I removed the oil pan, and the bottom end looks good, with nothing metalic in the pan or in the sump screen. I was thinking that as long as all the rod bearings feel tight, I should be ok. Agreed? Is there anything else to check while I'm in there?

Is there any way to tell auto from manual cams besides the paint? Or aftermarket cams? Do I just need to mic the lobes?

Another nice thing about the motor purchase is I got another wiring harness (to hopefully salvage some better connectors), some exhaust components and a nice polished plenum, as well as some powder coated throttle components along with it. And an extra set of heads. So now my garage is full of parts. :)

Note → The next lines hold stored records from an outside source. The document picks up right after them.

(* Fix a leader policy $\pi$ and functions $\tilde Q_h:\mathcal S\times\mathcal B\to\mathbb R$, $h\in[H]$; let $\tilde V_h(s)=\eta^{-1}\log\sum_be^{\eta\tilde Q_h(s,b)}$, $\tilde A_h=\tilde Q_h-\tilde V_h$, $\tilde\nu_h(b\mid s)=\exp(\eta\tilde A_h(s,b))$, $\tilde V_{H+1}=0$. Define $$\Delta_h^{(1)}(s_h,b_h)=\mathbb E_{s_h,b_h}\Bigl[\sum_{i=h}^H\gamma^{i-h}\bigl(r_i^\pi+\gamma P_i^\pi\tilde V_{i+1}-\tilde Q_i\bigr)(s_i,b_i)\Bigr],\qquad \Delta_h^{(2)}(s_h)=\mathbb E_{s_h}\Bigl[\sum_{i=h}^H\gamma^{i-h}\mathrm{KL}\bigl(\nu_i^\pi(\cdot\mid s_i)\,\|\,\tilde\nu_i(\cdot\mid s_i)\bigr)\Bigr],$$ with $\Delta^{(2)}_{H+1}=0$. Then for all $h\in[H]$ and $(s_h,b_h)\in\mathcal S\times\mathcal B$, $$A_h^\pi(s_h,b_h)-\tilde A_h(s_h,b_h)=(\mathbb E_{s_h,b_h}-\mathbb E_{s_h})\bigl[\Delta_h^{(1)}(s_h,b_h)-\gamma\eta^{-1}\Delta_{h+1}^{(2)}(s_{h+1})\bigr]+\eta^{-1}\mathrm{KL}\bigl(\nu_h^\pi(\cdot\mid s_h)\,\|\,\tilde\nu_h(\cdot\mid s_h)\bigr),$$ where $\mathrm{KL}(\nu_h^\pi(\cdot\mid s_h)\|\tilde\nu_h(\cdot\mid s_h))=\eta\,\mathbb E_{s_h}[A_h^\pi-\tilde A_h]$. In particular, in the myopic case ($\gamma=0$, $\tilde Q_h=\tilde r_h^\pi$ for some estimated reward $\tilde r$ with $\tilde r_h^\pi(s,b)=\sum_a\pi_h(a\mid s,b)\tilde r_h(s,a,b)$), $$A_h^\pi(s_h,b_h)-\tilde A_h(s_h,b_h)=(\mathbb E_{s_h,b_h}-\mathbb E_{s_h})\bigl[(r_h^\pi-\tilde r_h^\pi)(s_h,b_h)\bigr]+\eta^{-1}\mathrm{KL}\bigl(\nu_h^\pi(\cdot\mid s_h)\|\tilde\nu_h(\cdot\mid s_h)\bigr).$$
   Context: Episodic leader–follower Markov game (true model): state space $\mathcal S$, actions $\mathcal A,\mathcal B$, horizon $H$, transitions $P_h(\cdot\mid s,a,b)$, follower rewards $r_h$. Leader policy $\pi_h(\cdot\mid s,b)\in\Delta(\mathcal A)$; $r_h^\pi(s,b)=\sum_a\pi_h(a\mid s,b)r_h(s,a,b)$, $P_h^\pi(s'\mid s,b)=\sum_a\pi_h(a\mid s,b)P_h(s'\mid s,a,b)$. With $\eta>0$, $\gamma\in[0,1]$: $V_{H+1}^\pi=0$, $Q_h^\pi=r_h^\pi+\gamma P_h^\pi V_{h+1}^\pi$, $V_h^\pi(s)=\eta^{-1}\log\sum_be^{\eta Q_h^\pi(s,b)}$, $A_h^\pi=Q_h^\pi-V_h^\pi$, $\nu_h^\pi(b\mid s)=\exp(\eta A_h^\pi(s,b))$. $\mathbb E_{s_h}$, $\mathbb E_{s_h,b_h}$: conditional expectations given $s_h$, resp. $(s_h,b_h)$, over a trajectory of $(\pi,\nu^\pi)$ on the true model ($b_l\sim\nu_l^\pi(\cdot\mid s_l)$, $a_l\sim\pi_l(\cdot\mid s_l,b_l)$, $s_{l+1}\sim P_l$); in particular $\mathbb E_{s_h}$ also averages over $b_h\sim\nu_h^\pi(\cdot\mid s_h)$. *)

From HB Require Import structures.
From mathcomp Require Import all_boot all_order all_algebra.
From mathcomp Require Import reals sequences exp.
Set Implicit Arguments. Unset Strict Implicit. Unset Printing Implicit Defensive.
Import Order.TTheory GRing.Theory Num.Theory.
Local Open Scope ring_scope.

Section LeaderFollower.
Variables (R : realType) (S A B : finType) (H : nat).
(* transitions P h s a b s', follower rewards r h s a b, leader policy pi h s b a *)
Variables (P : nat -> S -> A -> B -> S -> R) (r : nat -> S -> A -> B -> R)
          (pi : nat -> S -> B -> A -> R) (eta gamma : R).

Definition rew_pi (rr : nat -> S -> A -> B -> R) (h : nat) (s : S) (b : B) : R :=
  \sum_a pi h s b a * rr h s a b.

Definition rpi := rew_pi r.

Definition Ppi (h : nat) (s : S) (b : B) (s' : S) : R :=
  \sum_a pi h s b a * P h s a b s'.

Definition PV (h : nat) (V : S -> R) (s : S) (b : B) : R :=
  \sum_s' Ppi h s b s' * V s'.

Definition softV (q : B -> R) : R := ln (\sum_b expR (eta * q b)) / eta.

(* backward recursion with fuel n = number of remaining steps *)
Fixpoint Vaux (n h : nat) : S -> R :=
  match n with
  | 0 => fun _ => 0
  | n'.+1 => fun s => softV (fun b => rpi h s b + gamma * PV h (Vaux n' h.+1) s b)
  end.

Definition Vpi (h : nat) : S -> R := Vaux (H.+1 - h) h.
Definition Qpi (h : nat) (s : S) (b : B) : R := rpi h s b + gamma * PV h (Vpi h.+1) s b.
Definition Api (h : nat) (s : S) (b : B) : R := Qpi h s b - Vpi h s.
Definition nupi (h : nat) (s : S) (b : B) : R := expR (eta * Api h s b).

Variable Qt : nat -> S -> B -> R.
Definition Vt (h : nat) (s : S) : R := if (h <= H)%N then softV (Qt h s) else 0.
Definition At (h : nat) (s : S) (b : B) : R := Qt h s b - Vt h s.
Definition nut (h : nat) (s : S) (b : B) : R := expR (eta * At h s b).

Definition KL (p q : B -> R) : R := \sum_b p b * ln (p b / q b).
Definition KLh (h : nat) (s : S) : R := KL (nupi h s) (nut h s).

(* occ h s0 b0 k s b = Pr(s_{h+k} = s, b_{h+k} = b | s_h = s0, b_h = b0)
   along a trajectory of (pi, nu^pi) on the true model *)
Fixpoint occ (h : nat) (s0 : S) (b0 : B) (k : nat) : S -> B -> R :=
  match k with
  | 0 => fun s b => ((s == s0) && (b == b0))%:R
  | k'.+1 => fun s' b' =>
      \sum_s \sum_b occ h s0 b0 k' s b * Ppi (h + k') s b s' * nupi (h + k').+1 s' b'
  end.

(* same, conditioned only on s_h = s0 (b_h ~ nu_h^pi(.|s0)) *)
Definition occS (h : nat) (s0 : S) (k : nat) (s : S) (b : B) : R :=
  \sum_b0 nupi h s0 b0 * occ h s0 b0 k s b.

Definition Delta1 (h : nat) (s0 : S) (b0 : B) : R :=
  \sum_(h <= i < H.+1) gamma ^+ (i - h) *
     \sum_s \sum_b occ h s0 b0 (i - h) s b *
        (rpi i s b + gamma * PV i (Vt i.+1) s b - Qt i s b).

(* Delta^{(2)}_h(s_h); empty sum (= 0) for h = H+1 *)
Definition Delta2 (h : nat) (s0 : S) : R :=
  \sum_(h <= i < H.+1) gamma ^+ (i - h) *
     \sum_s \sum_b occS h s0 (i - h) s b * KLh i s.

(* E_{s_h,b_h}[ Delta1_h(s_h,b_h) - gamma eta^{-1} Delta2_{h+1}(s_{h+1}) ] *)
Definition Ysb (h : nat) (s0 : S) (b0 : B) : R :=
  Delta1 h s0 b0 - gamma / eta * \sum_s' Ppi h s0 b0 s' * Delta2 h.+1 s'.

(* (E_{s_h,b_h} - E_{s_h}) applied to a quantity X whose conditional expectation
   given (s_h,b_h) is Y(s_h,b_h) *)
Definition Ediff (Y : B -> R) (h : nat) (s0 : S) (b0 : B) : R :=
  Y b0 - \sum_b nupi h s0 b * Y b.

End LeaderFollower.

From HB Require Import structures.
From mathcomp Require Import all_boot all_order all_algebra.
From mathcomp Require Import reals sequences exp.
From mathcomp Require Import ring zify.
Import Order.TTheory GRing.Theory Num.Theory.
Local Open Scope ring_scope.
Set Implicit Arguments. Unset Strict Implicit. Unset Printing Implicit Defensive.

(** Since [V_h] is the soft maximum of [Q_h], the policy [nu_h = exp (eta (Q_h - V_h))]
  sums to one, and averaging [A_h - A~_h = (Q_h - Q~_h) - (V_h - V~_h)] against it
  gives [V_h - V~_h = E_nu [Q_h - Q~_h] - KL_h / eta].  The Bellman equations then
  write [Q_h - Q~_h] as the residual [r_h^pi + gamma P_h V~_(h+1) - Q~_h] plus
  [gamma P_h (E_nu [Q_(h+1) - Q~_(h+1)] - KL_(h+1) / eta)].  By the first-step
  decomposition of the occupancy measures, [Ysb] obeys the same backward recursion,
  so [Q_h - Q~_h = Ysb_h], and substituting into the average gives the claim. *)

Lemma softmax_sum1 (R : realType) (B : finType) (eta : R) (q : B -> R) (b0 : B) :
  eta != 0 -> \sum_b expR (eta * (q b - softV eta q)) = 1.
Proof.
move=> eta_neq0; set Z := \sum_b expR (eta * q b).
have Z_gt0 : 0 < Z.
  rewrite /Z (bigD1 b0) //= ltr_pwDl ?expR_gt0 //.
  by apply: sumr_ge0 => b _; apply/ltW/expR_gt0.
have softmaxE b : expR (eta * (q b - softV eta q)) = expR (eta * q b) / Z.
  by rewrite /softV mulrBr mulrCA divff // mulr1 expRD expRN lnK.
by under eq_bigr do rewrite softmaxE; rewrite -mulr_suml divff ?gt_eqF.
Qed.

Lemma sum_pair_indicator (R : pzRingType) (S B : finType) (s0 : S) (b0 : B)
    (f : S -> B -> R) :
  \sum_s \sum_b ((s == s0) && (b == b0))%:R * f s b = f s0 b0.
Proof.
rewrite (bigD1 s0) //= [X in _ + X]big1 => [|s s_neq]; last first.
  by rewrite big1 // => b _; rewrite (negbTE s_neq) mul0r.
rewrite addr0 (bigD1 b0) //= [X in _ + X]big1 => [|b b_neq]; last first.
  by rewrite (negbTE b_neq) andbF mul0r.
by rewrite !eqxx mul1r addr0.
Qed.

Lemma exchange_big_pair (R : pzRingType) (S B S' B' : finType)
    (F : S -> B -> S' -> B' -> R) :
  \sum_s \sum_b \sum_s' \sum_b' F s b s' b' =
  \sum_s' \sum_b' \sum_s \sum_b F s b s' b'.
Proof.
under eq_bigr do rewrite exchange_big /=.
rewrite exchange_big /=; apply: eq_bigr => s' _.
by under eq_bigr do rewrite exchange_big /=; rewrite exchange_big.
Qed.

Lemma exchange_big_nat_weighted (R : comPzRingType) (T : finType) (m n : nat)
    (c : nat -> R) (w : T -> R) (G : nat -> T -> R) :
  \sum_(m <= i < n) c i * \sum_t w t * G i t =
  \sum_t w t * \sum_(m <= i < n) c i * G i t.
Proof.
under eq_bigr do rewrite mulr_sumr.
rewrite exchange_big; apply: eq_bigr => t _; rewrite mulr_sumr.
by apply: eq_bigr => i _; rewrite mulrCA.
Qed.

Section AdvantageGap.
Variables (R : realType) (S A B : finType) (H : nat)
  (P : nat -> S -> A -> B -> S -> R) (r : nat -> S -> A -> B -> R)
  (pi : nat -> S -> B -> A -> R) (eta gamma : R) (Qt : nat -> S -> B -> R).
Hypothesis eta_neq0 : eta != 0.

Local Notation Pp := (Ppi P pi).
Local Notation PV := (PV P pi).
Local Notation V := (Vpi H P r pi eta gamma).
Local Notation Q := (Qpi H P r pi eta gamma).
Local Notation nu := (nupi H P r pi eta gamma).
Local Notation occ := (occ H P r pi eta gamma).
Local Notation VT := (Vt H eta Qt).
Local Notation KLH := (KLh H P r pi eta gamma Qt).
Local Notation Delta1 := (Delta1 H P r pi eta gamma Qt).
Local Notation Delta2 := (Delta2 H P r pi eta gamma Qt).
Local Notation Ysb := (Ysb H P r pi eta gamma Qt).

(** [step_mean i f s b] is the conditional mean of [f (s_(i+1), b_(i+1))]
  given [(s_i, b_i) = (s, b)], and [occE k h s0 b0 f] that of
  [f (s_(h+k), b_(h+k))] given [(s_h, b_h) = (s0, b0)]. *)
Definition step_mean (i : nat) (f : S -> B -> R) (s : S) (b : B) : R :=
  PV i (fun s' => \sum_b' nu i.+1 s' b' * f s' b') s b.

Definition occE (k h : nat) (s0 : S) (b0 : B) (f : S -> B -> R) : R :=
  \sum_s \sum_b occ h s0 b0 k s b * f s b.

Lemma occE0 h s0 b0 f : occE 0 h s0 b0 f = f s0 b0.
Proof. exact: sum_pair_indicator. Qed.

Lemma occE_last k h s0 b0 f :
  occE k.+1 h s0 b0 f = occE k h s0 b0 (step_mean (h + k) f).
Proof.
rewrite /occE /step_mean /PV /=.
under eq_bigr do under eq_bigr do rewrite mulr_suml.
under eq_bigr do under eq_bigr do under eq_bigr do rewrite mulr_suml.
rewrite exchange_big_pair; apply: eq_bigr => s _; apply: eq_bigr => b _.
rewrite mulr_sumr; apply: eq_bigr => s' _.
rewrite [RHS]mulrA [RHS]mulr_sumr; apply: eq_bigr => b' _; ring.
Qed.

Lemma occE_first k h s0 b0 f :
  occE k.+1 h s0 b0 f = step_mean h (fun s b => occE k h.+1 s b f) s0 b0.
Proof.
elim: k f => [|k IH] f.
  rewrite occE_last occE0 addn0 /step_mean /PV.
  by under [RHS]eq_bigr do under eq_bigr do rewrite occE0.
rewrite occE_last IH /step_mean /PV; apply: eq_bigr => s' _; congr (_ * _).
by apply: eq_bigr => b' _; rewrite occE_last addSnnS.
Qed.

Lemma occS_sumE h s0 k (f : S -> B -> R) :
  \sum_s \sum_b occS H P r pi eta gamma h s0 k s b * f s b =
  \sum_b0 nu h s0 b0 * occE k h s0 b0 f.
Proof.
rewrite /occS /occE.
under eq_bigr do under eq_bigr do rewrite mulr_suml.
under eq_bigr do rewrite exchange_big /=.
rewrite exchange_big /=; apply: eq_bigr => b0 _.
rewrite mulr_sumr; apply: eq_bigr => s _; rewrite mulr_sumr.
by apply: eq_bigr => b _; rewrite mulrA.
Qed.

Lemma step_mean_sum h m n (c : nat -> R) (g : nat -> S -> B -> R) s b :
  \sum_(m <= i < n) c i * step_mean h (g i) s b =
  step_mean h (fun s' b' => \sum_(m <= i < n) c i * g i s' b') s b.
Proof.
rewrite /step_mean /PV exchange_big_nat_weighted; apply: eq_bigr => s' _.
by rewrite exchange_big_nat_weighted.
Qed.

Lemma eq_PV i (f g : S -> R) s b : f =1 g -> PV i f s b = PV i g s b.
Proof. by move=> fg; apply: eq_bigr => s' _; rewrite fg. Qed.

Lemma PVB i (f g : S -> R) s b :
  PV i (fun s' => f s' - g s') s b = PV i f s b - PV i g s b.
Proof. by rewrite /PV -sumrB; apply: eq_bigr => s' _; rewrite mulrBr. Qed.

Lemma Vpi_soft h s : (h <= H)%N -> V h s = softV eta (Q h s).
Proof. by move=> hH; rewrite /Vpi /Qpi subSn //= /Vpi subSS. Qed.

Lemma Vpi_end s : V H.+1 s = 0.
Proof. by rewrite /Vpi subnn. Qed.

Lemma Vt_end s : VT H.+1 s = 0.
Proof. by rewrite /Vt ltnn. Qed.

Lemma nupi_sum1 h s (b0 : B) : (h <= H)%N -> \sum_b nu h s b = 1.
Proof. by move=> hH; rewrite /nupi /Api Vpi_soft //; apply: softmax_sum1. Qed.

Lemma KLh_advantage_gap h s :
  KLH h s = eta * \sum_b nu h s b *
    (Api H P r pi eta gamma h s b - At H eta Qt h s b).
Proof.
rewrite /KLh /KL mulr_sumr; apply: eq_bigr => b _.
by rewrite /nupi /nut -expRN -expRD expRK; ring.
Qed.

Lemma value_gap h s (b0 : B) : (h <= H)%N ->
  V h s - VT h s = \sum_b nu h s b * (Q h s b - Qt h s b) - KLH h s / eta.
Proof.
move=> hH; rewrite KLh_advantage_gap /Api /At.
have -> : \sum_b nu h s b * (Q h s b - V h s - (Qt h s b - VT h s)) =
          \sum_b nu h s b * (Q h s b - Qt h s b) - (V h s - VT h s).
  rewrite -[X in _ - X]mul1r -(nupi_sum1 s b0 hH) mulr_suml -sumrB.
  by apply: eq_bigr => b _; ring.
by field.
Qed.

Definition residual (i : nat) (s : S) (b : B) : R :=
  rpi r pi i s b + gamma * PV i (VT i.+1) s b - Qt i s b.

Lemma Q_gap h s b :
  Q h s b - Qt h s b =
  residual h s b + gamma * PV h (fun s' => V h.+1 s' - VT h.+1 s') s b.
Proof. by rewrite PVB /Qpi /residual; ring. Qed.

Lemma discounted_occE_rec h (F : nat -> S -> B -> R) s0 b0 : (h <= H)%N ->
  \sum_(h <= i < H.+1) gamma ^+ (i - h) * occE (i - h) h s0 b0 (F i) =
  F h s0 b0 + gamma * step_mean h (fun s b =>
    \sum_(h.+1 <= i < H.+1) gamma ^+ (i - h.+1) * occE (i - h.+1) h.+1 s b (F i)) s0 b0.
Proof.
move=> hH; rewrite big_ltn ?ltnS // subnn expr0 mul1r occE0; congr (_ + _).
rewrite -step_mean_sum mulr_sumr; apply: eq_big_nat => i /andP[hi _].
by rewrite (_ : i - h = (i - h.+1).+1)%N ?occE_first ?exprS ?mulrA //; lia.
Qed.

Lemma Delta1_rec h s0 b0 : (h <= H)%N ->
  Delta1 h s0 b0 = residual h s0 b0 + gamma * step_mean h (Delta1 h.+1) s0 b0.
Proof. exact: discounted_occE_rec. Qed.

Lemma Delta2E h s0 : Delta2 h s0 = \sum_b nu h s0 b *
  \sum_(h <= i < H.+1) gamma ^+ (i - h) * occE (i - h) h s0 b (fun s _ => KLH i s).
Proof.
rewrite -exchange_big_nat_weighted; apply: eq_bigr => i _.
by rewrite occS_sumE.
Qed.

I also got a hicas delete kit in the mail as well, so I have that to install also.

Any other thoughts/ideas?

Thanks!!!

Scott

schwar74
Posts: 53
Joined: Fri Nov 02, 2012 8:13 am
Car: 1990 300zxTT Auto
1990 300zx na 2+2

Post

Update . . . . Finally was able to start it last night. Pretty excited to say the least.

I ended up rebuilding the used motor that I got. It didn't really need much as it was in pretty good shape, but I wanted to be sure. The block was dipped, the cylinders honed, heads checked, and then it got new bearings and rings. I cleaned/serviced the lifters per Ash's writeup on TT.net. I also bought a replacement fuel rail from Bernie with new style stock injectors.

Everything went fairly smoothly overall. I failed to recognize that the head bolts are different lengths, and got a short bolt in the wrong hole, which messed up a little bit of the threads, but things torqued down fine.

I bought some good used turbos that were pretty much within spec as far as shaft play was concerned.

The cooling lines were rerouted because I deleted the cooling lines from under the plenum.

I think there's an issue with the inhibitor switch/neutral safety switch (auto transmission),as I couldn't get the starter to engage. The starter relay is not getting any signal with the key in the start position. If I jumper the big connector coming from the starter relay, it cranks just fine.

Theres a pretty good puddle of power steering fluid under the pump today. I'll have to get that figured out.

But its good to know that its alive, and that this whole project now has an end in sight!